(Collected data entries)

━━━━

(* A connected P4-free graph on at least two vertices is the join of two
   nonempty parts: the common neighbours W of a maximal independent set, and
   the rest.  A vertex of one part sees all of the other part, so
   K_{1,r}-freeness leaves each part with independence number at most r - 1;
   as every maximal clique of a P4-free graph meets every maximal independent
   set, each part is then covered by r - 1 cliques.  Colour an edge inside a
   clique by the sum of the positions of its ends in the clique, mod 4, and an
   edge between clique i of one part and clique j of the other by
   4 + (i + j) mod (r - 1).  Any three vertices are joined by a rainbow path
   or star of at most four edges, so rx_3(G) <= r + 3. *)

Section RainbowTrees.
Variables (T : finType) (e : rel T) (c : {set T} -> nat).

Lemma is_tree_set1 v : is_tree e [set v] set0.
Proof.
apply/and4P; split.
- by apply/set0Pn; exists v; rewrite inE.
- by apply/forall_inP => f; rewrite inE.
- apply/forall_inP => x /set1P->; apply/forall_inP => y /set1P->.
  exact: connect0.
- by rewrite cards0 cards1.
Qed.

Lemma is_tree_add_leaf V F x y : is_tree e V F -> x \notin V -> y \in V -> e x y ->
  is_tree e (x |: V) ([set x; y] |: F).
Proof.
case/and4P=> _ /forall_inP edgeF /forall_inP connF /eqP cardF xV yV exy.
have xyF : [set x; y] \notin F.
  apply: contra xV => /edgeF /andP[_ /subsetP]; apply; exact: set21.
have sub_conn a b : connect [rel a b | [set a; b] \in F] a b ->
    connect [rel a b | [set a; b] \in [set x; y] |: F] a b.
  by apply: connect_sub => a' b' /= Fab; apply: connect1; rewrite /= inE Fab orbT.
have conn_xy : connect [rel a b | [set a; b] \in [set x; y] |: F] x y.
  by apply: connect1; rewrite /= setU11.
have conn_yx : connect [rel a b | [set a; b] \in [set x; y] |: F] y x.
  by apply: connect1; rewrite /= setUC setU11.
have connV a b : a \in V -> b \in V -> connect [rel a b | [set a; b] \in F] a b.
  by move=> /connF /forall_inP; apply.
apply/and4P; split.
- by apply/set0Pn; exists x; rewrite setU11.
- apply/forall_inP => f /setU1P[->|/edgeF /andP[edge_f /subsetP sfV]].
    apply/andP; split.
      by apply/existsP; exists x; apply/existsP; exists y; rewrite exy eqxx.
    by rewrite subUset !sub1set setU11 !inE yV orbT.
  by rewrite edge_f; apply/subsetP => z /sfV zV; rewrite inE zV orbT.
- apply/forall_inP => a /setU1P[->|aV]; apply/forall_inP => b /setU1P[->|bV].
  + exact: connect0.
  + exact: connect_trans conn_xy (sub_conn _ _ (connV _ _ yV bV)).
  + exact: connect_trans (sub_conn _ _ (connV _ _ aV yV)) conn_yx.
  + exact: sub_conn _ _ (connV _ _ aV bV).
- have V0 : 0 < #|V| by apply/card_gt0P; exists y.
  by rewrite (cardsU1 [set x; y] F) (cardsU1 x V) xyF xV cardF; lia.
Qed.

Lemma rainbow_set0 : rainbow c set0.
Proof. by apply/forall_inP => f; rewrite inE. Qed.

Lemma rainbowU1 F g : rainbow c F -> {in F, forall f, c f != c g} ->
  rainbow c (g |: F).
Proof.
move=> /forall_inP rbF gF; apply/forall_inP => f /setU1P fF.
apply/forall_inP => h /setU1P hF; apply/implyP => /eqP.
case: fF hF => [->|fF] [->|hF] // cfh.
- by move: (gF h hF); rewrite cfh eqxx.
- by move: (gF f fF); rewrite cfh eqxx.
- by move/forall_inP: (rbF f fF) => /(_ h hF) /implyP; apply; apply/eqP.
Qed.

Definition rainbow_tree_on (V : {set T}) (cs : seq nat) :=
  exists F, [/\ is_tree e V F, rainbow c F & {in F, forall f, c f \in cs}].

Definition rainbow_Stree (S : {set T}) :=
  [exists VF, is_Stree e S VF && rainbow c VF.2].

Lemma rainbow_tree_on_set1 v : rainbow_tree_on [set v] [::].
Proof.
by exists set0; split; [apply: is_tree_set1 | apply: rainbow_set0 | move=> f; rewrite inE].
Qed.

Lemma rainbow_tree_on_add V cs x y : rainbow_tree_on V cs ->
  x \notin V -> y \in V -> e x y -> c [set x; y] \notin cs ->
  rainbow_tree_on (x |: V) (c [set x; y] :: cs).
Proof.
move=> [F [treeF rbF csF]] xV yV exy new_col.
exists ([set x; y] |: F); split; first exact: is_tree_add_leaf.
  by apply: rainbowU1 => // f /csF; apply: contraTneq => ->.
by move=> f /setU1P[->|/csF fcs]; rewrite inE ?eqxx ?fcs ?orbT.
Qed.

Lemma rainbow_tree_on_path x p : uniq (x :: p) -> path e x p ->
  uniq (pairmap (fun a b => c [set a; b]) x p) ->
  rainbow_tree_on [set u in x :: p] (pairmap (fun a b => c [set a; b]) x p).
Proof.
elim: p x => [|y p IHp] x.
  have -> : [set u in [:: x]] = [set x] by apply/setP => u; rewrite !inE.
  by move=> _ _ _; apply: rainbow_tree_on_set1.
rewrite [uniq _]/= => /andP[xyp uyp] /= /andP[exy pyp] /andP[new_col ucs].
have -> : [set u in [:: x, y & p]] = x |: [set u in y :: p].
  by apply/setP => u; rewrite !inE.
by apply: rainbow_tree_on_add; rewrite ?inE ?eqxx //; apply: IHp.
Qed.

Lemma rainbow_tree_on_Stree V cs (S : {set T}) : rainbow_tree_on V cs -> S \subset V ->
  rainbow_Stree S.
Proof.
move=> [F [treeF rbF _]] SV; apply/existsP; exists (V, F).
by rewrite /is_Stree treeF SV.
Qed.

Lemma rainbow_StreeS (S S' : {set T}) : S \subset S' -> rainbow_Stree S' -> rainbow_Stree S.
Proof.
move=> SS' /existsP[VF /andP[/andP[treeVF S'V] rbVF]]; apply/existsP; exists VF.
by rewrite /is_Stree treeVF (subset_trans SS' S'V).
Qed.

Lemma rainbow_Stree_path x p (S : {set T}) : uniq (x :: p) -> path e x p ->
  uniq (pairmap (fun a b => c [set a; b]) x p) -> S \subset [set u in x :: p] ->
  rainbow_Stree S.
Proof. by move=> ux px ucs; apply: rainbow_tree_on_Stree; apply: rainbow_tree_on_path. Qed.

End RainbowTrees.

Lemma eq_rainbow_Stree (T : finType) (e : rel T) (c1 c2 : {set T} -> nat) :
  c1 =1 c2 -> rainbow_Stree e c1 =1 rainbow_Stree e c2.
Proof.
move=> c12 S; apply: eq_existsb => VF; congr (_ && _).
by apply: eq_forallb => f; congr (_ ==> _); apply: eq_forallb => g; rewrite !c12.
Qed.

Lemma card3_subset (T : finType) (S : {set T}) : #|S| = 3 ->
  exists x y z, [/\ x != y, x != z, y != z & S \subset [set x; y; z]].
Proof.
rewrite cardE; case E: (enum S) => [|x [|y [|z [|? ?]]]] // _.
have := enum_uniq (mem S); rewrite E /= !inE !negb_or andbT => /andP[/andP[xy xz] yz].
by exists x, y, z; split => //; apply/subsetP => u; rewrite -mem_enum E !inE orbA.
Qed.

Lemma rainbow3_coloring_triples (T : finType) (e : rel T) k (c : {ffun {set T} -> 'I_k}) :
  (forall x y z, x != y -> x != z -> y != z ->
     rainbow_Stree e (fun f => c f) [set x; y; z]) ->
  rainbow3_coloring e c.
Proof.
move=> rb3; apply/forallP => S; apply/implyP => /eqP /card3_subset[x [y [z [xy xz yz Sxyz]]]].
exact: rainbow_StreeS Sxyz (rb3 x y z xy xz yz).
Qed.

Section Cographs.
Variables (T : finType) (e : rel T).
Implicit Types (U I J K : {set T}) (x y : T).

━━━━

— Exercise aim —
Matching lines for the string "maximal": work out how many the records contain and write only the number.

— Problem solution —
2